> [The input]
★ ★ ★ ★ ★
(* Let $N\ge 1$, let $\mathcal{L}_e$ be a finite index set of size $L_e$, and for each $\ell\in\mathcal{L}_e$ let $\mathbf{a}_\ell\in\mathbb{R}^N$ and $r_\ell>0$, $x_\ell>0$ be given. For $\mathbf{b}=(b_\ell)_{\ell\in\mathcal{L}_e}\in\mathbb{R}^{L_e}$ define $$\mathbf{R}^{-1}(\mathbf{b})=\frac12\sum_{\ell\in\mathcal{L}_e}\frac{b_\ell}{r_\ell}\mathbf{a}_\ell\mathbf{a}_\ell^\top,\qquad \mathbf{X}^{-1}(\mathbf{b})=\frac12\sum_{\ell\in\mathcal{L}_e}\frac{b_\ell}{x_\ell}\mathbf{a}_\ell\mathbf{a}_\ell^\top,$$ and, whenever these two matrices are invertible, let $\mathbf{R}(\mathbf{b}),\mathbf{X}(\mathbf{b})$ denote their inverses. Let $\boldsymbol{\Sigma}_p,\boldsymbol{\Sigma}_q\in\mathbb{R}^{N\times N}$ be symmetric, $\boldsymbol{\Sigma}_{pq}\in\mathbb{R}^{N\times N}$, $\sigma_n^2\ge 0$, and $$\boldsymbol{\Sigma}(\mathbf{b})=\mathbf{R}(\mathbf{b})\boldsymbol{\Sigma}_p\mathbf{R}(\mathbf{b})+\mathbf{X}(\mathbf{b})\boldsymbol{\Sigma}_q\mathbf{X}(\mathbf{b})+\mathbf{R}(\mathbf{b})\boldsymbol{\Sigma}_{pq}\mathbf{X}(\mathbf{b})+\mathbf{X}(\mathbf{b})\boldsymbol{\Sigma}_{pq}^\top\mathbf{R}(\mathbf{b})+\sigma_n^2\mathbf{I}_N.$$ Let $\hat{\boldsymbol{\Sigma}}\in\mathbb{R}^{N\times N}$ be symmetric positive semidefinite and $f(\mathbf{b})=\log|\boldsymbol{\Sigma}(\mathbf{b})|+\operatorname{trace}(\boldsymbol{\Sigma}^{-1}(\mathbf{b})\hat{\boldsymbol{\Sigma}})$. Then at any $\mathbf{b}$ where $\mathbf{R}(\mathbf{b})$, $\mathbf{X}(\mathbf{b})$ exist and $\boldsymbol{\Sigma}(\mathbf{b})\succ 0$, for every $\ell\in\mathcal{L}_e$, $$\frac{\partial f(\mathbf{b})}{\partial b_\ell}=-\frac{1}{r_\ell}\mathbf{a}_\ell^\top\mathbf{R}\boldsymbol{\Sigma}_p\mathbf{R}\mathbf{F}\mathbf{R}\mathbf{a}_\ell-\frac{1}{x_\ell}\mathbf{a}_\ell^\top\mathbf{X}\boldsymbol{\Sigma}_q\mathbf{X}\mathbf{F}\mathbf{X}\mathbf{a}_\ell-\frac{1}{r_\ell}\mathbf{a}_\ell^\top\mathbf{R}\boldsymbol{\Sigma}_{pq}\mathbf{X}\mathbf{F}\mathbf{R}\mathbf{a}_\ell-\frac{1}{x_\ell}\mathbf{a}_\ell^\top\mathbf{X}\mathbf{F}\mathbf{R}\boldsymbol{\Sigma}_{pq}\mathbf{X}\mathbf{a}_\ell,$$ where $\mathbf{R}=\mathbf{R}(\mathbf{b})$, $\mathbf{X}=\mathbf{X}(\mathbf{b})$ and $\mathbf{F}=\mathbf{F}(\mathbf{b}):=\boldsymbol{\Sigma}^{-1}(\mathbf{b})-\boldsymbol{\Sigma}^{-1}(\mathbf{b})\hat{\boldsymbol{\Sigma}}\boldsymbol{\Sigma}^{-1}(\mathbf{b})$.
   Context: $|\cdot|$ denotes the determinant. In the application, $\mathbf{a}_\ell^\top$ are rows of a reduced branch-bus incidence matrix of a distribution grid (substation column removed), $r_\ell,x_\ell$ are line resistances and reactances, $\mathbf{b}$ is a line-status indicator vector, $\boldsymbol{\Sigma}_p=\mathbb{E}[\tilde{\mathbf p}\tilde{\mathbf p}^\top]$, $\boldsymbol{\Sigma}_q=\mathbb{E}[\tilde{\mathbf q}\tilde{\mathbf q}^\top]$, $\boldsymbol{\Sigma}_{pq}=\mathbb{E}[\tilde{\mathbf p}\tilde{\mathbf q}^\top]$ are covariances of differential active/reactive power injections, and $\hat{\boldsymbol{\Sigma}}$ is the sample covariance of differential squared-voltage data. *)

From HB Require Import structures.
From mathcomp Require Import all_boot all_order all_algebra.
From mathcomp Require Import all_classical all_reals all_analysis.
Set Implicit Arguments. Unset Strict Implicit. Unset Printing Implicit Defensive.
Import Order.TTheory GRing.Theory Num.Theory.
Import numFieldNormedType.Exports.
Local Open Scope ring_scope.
★ ★ ★ ★ ★
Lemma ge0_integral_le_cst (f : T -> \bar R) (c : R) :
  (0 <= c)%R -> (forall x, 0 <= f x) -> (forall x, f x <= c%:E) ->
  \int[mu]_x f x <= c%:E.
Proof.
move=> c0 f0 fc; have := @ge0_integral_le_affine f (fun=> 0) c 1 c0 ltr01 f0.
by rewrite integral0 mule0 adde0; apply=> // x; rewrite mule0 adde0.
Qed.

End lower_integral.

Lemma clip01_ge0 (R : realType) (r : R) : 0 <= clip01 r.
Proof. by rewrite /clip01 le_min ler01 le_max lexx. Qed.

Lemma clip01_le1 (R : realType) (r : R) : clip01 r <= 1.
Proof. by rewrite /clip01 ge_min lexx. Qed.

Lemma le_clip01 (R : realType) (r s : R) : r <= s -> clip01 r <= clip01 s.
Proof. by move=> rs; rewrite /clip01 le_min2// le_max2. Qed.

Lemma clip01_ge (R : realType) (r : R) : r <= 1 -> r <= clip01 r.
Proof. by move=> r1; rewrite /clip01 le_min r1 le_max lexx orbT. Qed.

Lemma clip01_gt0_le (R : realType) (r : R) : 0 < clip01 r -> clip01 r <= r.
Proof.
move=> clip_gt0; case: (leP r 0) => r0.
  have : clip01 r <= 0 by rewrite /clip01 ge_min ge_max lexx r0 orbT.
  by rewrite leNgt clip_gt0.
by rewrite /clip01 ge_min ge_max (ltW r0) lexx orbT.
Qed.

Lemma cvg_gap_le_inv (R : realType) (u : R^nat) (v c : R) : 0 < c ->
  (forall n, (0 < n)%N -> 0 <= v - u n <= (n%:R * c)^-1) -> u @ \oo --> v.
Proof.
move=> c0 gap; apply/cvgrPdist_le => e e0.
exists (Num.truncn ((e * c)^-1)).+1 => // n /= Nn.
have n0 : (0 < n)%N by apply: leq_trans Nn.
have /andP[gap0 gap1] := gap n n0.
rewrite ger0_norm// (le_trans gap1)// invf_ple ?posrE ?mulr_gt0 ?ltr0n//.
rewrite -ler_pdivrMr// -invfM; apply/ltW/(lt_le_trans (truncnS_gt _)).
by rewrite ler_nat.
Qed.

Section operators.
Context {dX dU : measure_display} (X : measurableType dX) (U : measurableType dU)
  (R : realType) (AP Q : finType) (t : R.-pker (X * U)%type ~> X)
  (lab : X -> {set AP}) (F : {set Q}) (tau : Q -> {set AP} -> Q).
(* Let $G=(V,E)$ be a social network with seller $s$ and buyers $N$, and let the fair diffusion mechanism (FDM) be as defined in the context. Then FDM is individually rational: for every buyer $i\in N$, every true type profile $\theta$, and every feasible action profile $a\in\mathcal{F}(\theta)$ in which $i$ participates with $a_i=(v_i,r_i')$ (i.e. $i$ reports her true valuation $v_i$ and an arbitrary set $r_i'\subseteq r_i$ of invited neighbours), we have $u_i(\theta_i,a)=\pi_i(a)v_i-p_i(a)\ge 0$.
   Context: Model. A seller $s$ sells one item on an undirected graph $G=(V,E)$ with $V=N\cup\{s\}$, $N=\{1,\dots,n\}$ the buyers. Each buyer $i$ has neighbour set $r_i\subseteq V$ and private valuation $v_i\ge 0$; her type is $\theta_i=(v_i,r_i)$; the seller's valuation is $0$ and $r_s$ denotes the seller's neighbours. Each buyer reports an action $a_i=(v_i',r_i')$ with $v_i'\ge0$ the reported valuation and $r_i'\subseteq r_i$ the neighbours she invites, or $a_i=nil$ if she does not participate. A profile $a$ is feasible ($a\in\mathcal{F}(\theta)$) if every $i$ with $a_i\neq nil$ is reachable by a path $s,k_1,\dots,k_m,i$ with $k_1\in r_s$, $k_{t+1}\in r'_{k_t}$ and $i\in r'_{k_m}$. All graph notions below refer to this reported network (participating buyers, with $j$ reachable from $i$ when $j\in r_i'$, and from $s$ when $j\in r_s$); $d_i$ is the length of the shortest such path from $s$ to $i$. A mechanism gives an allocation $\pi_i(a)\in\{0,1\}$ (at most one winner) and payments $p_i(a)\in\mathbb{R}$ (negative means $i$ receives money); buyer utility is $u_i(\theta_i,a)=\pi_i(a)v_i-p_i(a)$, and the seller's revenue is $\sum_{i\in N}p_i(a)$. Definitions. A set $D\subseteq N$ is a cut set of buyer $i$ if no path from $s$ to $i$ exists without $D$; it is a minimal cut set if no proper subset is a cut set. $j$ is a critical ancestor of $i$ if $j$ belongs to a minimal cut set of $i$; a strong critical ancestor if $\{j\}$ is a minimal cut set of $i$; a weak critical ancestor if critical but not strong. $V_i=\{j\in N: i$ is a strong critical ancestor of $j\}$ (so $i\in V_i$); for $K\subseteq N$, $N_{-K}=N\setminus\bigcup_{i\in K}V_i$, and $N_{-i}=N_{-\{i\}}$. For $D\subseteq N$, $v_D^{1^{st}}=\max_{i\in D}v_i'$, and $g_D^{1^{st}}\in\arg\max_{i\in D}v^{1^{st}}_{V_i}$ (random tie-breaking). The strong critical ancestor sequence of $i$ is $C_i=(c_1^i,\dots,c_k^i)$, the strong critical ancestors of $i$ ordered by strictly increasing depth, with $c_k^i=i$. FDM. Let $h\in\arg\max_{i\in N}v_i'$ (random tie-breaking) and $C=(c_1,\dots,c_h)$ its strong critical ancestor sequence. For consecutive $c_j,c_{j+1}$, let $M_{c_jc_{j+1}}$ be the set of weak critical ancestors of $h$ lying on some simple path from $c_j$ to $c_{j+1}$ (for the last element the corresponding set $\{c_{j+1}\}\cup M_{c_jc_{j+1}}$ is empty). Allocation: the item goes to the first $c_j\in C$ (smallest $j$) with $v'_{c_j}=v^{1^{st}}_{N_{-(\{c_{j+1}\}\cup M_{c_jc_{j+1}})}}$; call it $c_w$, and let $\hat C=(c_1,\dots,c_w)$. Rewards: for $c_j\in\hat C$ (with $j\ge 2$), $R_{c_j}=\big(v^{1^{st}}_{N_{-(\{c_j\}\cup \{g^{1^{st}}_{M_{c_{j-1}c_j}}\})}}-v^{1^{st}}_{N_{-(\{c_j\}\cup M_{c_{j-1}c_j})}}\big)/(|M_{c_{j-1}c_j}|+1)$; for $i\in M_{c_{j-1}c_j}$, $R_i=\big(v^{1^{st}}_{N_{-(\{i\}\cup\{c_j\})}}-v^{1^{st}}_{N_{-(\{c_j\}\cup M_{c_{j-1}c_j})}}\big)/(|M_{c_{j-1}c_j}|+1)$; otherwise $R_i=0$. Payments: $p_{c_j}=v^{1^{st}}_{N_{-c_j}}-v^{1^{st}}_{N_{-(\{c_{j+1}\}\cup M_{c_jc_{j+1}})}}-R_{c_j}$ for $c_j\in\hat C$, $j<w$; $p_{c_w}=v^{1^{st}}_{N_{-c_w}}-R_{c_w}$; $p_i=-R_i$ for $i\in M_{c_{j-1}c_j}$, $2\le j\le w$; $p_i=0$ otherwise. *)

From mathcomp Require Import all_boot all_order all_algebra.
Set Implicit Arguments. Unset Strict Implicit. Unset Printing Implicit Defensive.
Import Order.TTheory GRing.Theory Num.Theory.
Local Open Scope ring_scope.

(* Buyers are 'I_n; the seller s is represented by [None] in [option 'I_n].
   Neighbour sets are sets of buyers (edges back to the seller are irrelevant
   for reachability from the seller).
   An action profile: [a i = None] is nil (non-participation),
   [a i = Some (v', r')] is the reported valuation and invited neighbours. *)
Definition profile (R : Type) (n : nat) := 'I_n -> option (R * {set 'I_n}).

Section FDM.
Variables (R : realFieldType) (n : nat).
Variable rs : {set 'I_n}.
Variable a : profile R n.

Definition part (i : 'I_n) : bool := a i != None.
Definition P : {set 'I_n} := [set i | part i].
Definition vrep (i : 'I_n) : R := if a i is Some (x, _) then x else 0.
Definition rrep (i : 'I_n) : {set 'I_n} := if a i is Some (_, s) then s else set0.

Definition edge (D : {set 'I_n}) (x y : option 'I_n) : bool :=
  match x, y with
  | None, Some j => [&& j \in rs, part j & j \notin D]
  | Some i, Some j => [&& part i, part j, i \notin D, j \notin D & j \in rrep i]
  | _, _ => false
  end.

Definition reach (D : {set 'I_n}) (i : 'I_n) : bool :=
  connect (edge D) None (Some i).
★ ★ ★ ★ ★
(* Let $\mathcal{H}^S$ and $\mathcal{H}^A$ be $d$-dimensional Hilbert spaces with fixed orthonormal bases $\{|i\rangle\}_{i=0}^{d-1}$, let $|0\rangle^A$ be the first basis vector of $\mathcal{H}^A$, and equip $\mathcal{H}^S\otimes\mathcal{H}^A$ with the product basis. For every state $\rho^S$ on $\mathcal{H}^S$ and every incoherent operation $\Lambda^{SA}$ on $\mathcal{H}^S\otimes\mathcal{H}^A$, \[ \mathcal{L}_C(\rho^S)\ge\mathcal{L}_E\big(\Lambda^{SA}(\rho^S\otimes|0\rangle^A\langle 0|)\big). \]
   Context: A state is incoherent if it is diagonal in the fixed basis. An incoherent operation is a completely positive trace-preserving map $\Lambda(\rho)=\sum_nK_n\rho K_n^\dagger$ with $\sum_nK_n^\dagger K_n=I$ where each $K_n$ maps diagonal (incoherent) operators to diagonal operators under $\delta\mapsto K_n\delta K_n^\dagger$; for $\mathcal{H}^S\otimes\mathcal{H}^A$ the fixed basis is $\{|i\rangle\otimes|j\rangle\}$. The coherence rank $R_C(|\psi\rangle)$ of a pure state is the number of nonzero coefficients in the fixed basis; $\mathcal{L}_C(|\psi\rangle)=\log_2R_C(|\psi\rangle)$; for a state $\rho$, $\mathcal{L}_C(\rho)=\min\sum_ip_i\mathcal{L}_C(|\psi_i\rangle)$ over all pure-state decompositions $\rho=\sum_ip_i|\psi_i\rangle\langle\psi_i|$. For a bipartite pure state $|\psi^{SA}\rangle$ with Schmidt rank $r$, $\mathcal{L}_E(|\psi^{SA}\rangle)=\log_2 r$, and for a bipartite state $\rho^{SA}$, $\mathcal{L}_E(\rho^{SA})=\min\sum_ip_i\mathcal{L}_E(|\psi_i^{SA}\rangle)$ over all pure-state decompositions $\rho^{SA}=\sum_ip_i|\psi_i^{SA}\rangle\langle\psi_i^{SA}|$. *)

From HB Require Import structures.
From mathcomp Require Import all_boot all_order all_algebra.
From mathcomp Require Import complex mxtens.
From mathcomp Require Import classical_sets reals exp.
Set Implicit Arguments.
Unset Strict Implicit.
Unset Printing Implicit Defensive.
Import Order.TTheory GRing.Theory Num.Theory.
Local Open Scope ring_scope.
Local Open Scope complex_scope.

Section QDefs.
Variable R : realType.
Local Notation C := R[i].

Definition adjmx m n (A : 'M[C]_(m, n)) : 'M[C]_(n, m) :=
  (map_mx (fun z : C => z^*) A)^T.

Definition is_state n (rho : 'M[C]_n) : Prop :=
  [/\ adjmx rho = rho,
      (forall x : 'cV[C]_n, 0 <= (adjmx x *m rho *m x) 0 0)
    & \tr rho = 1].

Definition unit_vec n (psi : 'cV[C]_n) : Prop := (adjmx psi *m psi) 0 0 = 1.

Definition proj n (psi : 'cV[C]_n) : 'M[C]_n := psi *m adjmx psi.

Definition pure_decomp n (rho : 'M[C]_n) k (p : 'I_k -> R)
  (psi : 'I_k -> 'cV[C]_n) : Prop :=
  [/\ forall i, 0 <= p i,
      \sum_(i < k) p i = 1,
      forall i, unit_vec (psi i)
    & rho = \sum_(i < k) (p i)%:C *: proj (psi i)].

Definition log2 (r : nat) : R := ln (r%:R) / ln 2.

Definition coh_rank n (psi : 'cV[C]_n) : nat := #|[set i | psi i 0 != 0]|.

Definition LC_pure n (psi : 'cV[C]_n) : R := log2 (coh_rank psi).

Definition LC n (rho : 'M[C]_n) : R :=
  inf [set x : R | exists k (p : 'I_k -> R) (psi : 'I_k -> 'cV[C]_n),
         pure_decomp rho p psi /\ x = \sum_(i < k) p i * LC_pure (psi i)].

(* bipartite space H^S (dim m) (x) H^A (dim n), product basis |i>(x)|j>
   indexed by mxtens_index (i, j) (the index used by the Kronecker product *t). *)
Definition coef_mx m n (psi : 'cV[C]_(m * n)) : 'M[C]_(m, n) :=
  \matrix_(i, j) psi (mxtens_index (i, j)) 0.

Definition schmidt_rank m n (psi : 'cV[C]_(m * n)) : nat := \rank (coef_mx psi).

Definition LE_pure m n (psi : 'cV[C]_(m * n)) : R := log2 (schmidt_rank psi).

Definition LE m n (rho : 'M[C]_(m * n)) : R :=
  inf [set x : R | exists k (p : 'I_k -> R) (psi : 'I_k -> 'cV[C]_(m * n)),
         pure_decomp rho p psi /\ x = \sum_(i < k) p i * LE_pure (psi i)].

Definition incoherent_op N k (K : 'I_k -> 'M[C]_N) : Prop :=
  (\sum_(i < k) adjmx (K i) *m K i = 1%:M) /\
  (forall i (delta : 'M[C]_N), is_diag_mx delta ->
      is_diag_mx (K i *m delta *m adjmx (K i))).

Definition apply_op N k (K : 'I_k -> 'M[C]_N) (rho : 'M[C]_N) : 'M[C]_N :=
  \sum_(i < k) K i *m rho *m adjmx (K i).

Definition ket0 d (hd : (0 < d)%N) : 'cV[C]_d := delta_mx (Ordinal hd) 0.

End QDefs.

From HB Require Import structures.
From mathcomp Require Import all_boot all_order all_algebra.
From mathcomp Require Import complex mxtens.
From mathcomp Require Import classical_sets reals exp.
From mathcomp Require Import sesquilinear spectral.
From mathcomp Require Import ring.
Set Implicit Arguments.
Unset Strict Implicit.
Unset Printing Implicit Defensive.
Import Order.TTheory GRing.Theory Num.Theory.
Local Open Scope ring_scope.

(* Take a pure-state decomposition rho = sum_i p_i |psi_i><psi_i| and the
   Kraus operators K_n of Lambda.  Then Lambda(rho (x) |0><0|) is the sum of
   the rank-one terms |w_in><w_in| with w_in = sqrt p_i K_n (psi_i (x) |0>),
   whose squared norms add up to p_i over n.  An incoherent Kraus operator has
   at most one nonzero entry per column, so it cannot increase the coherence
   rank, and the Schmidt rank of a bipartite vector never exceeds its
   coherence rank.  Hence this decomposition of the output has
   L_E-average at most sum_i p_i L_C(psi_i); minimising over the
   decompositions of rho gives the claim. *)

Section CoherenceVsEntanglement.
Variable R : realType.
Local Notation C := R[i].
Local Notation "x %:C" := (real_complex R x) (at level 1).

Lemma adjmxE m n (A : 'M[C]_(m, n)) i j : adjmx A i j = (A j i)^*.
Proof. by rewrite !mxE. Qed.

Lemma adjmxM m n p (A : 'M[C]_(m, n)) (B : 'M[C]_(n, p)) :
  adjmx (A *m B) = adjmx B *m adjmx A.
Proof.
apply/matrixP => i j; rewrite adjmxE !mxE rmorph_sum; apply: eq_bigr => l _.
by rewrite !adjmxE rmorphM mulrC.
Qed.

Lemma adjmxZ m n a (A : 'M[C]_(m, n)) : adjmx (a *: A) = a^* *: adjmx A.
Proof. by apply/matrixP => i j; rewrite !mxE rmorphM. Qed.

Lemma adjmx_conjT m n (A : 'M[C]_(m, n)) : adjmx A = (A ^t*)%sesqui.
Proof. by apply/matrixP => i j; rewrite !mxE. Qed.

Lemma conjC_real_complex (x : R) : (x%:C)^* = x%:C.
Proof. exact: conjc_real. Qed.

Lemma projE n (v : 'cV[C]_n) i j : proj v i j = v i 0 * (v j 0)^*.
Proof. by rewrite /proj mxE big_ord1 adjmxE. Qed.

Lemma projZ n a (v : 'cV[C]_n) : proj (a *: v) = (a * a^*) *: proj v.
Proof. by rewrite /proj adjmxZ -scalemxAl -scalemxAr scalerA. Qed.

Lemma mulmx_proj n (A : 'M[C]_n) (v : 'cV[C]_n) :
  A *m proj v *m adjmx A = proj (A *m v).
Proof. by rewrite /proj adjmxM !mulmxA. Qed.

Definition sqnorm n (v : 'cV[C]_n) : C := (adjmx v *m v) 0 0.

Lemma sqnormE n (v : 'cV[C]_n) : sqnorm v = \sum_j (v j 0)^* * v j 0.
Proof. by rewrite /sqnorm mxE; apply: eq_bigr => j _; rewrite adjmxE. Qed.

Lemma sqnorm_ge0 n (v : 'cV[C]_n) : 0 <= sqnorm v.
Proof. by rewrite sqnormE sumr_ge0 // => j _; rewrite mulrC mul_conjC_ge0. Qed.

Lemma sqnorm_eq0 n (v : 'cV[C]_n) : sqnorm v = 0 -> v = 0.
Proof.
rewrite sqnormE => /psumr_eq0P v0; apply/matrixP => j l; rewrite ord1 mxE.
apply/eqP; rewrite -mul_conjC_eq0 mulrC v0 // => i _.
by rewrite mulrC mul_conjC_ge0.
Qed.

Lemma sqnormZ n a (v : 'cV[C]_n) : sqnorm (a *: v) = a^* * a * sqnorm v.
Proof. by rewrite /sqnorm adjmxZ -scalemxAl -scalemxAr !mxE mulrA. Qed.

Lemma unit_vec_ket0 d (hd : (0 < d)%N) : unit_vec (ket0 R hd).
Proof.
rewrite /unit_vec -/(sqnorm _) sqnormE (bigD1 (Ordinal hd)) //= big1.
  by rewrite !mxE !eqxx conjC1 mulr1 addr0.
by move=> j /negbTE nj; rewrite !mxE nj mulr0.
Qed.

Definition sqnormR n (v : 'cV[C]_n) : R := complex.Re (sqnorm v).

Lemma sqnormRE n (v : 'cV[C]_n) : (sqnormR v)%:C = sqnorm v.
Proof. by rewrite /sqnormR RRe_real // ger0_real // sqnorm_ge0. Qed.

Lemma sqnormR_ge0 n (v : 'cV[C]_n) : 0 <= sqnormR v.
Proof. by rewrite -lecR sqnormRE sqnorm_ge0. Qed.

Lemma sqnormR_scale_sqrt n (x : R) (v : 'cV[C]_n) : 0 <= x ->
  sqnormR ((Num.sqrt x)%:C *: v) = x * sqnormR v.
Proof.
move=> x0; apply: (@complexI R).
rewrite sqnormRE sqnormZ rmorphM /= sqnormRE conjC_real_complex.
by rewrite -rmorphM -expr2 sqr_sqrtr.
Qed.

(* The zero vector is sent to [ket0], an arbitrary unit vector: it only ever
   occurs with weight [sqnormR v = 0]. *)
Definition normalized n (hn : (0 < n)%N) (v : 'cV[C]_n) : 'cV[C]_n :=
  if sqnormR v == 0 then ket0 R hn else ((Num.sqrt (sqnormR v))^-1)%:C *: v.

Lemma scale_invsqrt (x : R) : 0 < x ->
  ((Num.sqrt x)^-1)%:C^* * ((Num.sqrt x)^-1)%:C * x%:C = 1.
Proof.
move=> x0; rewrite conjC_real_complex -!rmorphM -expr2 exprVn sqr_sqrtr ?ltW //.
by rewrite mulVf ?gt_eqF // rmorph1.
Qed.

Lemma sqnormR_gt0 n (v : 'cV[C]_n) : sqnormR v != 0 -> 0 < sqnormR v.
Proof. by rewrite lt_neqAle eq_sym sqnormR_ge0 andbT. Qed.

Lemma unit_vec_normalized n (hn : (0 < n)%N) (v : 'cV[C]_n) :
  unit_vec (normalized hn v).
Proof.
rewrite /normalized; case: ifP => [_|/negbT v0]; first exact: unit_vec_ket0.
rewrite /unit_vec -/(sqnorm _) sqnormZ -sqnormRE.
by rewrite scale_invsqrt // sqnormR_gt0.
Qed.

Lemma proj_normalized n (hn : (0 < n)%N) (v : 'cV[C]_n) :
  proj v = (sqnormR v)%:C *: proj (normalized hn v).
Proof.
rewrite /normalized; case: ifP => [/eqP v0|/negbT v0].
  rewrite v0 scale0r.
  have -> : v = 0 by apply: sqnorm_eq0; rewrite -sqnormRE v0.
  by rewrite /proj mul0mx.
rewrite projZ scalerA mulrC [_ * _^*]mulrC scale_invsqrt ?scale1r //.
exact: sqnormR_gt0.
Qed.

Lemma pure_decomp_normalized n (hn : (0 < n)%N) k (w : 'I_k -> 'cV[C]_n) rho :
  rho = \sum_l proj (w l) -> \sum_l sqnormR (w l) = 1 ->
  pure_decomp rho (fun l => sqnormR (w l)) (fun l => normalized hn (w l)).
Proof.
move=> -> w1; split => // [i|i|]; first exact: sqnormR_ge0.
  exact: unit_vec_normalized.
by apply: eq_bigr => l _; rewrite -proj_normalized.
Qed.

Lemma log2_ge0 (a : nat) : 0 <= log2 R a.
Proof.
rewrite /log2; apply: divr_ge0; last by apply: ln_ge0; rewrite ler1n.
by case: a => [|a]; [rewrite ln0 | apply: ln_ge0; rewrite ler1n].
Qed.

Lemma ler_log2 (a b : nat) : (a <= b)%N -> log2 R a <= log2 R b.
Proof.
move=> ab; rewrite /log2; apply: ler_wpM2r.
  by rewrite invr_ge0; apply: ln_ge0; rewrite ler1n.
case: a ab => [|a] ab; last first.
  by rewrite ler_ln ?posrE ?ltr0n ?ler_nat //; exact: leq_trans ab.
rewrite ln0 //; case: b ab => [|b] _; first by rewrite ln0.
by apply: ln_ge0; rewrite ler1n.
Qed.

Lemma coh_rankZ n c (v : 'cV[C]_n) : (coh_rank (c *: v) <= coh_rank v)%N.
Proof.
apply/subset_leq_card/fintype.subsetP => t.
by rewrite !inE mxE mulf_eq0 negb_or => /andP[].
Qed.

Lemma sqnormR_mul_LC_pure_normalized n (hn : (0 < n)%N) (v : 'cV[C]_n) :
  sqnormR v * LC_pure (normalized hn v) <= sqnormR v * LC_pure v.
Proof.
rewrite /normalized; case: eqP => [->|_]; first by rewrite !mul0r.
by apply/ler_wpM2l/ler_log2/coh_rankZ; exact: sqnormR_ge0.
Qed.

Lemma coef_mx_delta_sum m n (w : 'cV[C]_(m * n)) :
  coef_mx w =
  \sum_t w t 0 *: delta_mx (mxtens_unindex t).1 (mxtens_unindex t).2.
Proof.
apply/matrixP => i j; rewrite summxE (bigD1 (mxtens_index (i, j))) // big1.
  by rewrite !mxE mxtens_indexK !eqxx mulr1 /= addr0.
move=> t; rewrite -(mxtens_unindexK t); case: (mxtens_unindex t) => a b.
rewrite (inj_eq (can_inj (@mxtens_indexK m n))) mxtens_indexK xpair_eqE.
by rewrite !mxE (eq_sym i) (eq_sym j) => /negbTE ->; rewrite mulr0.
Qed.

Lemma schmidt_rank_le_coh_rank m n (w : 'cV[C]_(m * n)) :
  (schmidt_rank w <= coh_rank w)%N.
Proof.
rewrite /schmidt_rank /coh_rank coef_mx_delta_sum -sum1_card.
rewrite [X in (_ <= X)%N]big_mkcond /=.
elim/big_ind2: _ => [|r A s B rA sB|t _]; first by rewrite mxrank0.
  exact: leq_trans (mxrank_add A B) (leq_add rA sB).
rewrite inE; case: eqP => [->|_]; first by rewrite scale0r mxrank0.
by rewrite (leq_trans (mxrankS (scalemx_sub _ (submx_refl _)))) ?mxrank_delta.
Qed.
★ ★ ★ ★ ★
Scan the data, and report each line that uses the word "squared".

> [Solution]
   Context: $|\cdot|$ denotes the determinant. In the application, $\mathbf{a}_\ell^\top$ are rows of a reduced branch-bus incidence matrix of a distribution grid (substation column removed), $r_\ell,x_\ell$ are line resistances and reactances, $\mathbf{b}$ is a line-status indicator vector, $\boldsymbol{\Sigma}_p=\mathbb{E}[\tilde{\mathbf p}\tilde{\mathbf p}^\top]$, $\boldsymbol{\Sigma}_q=\mathbb{E}[\tilde{\mathbf q}\tilde{\mathbf q}^\top]$, $\boldsymbol{\Sigma}_{pq}=\mathbb{E}[\tilde{\mathbf p}\tilde{\mathbf q}^\top]$ are covariances of differential active/reactive power injections, and $\hat{\boldsymbol{\Sigma}}$ is the sample covariance of differential squared-voltage data. *)
   whose squared norms add up to p_i over n.  An incoherent Kraus operator has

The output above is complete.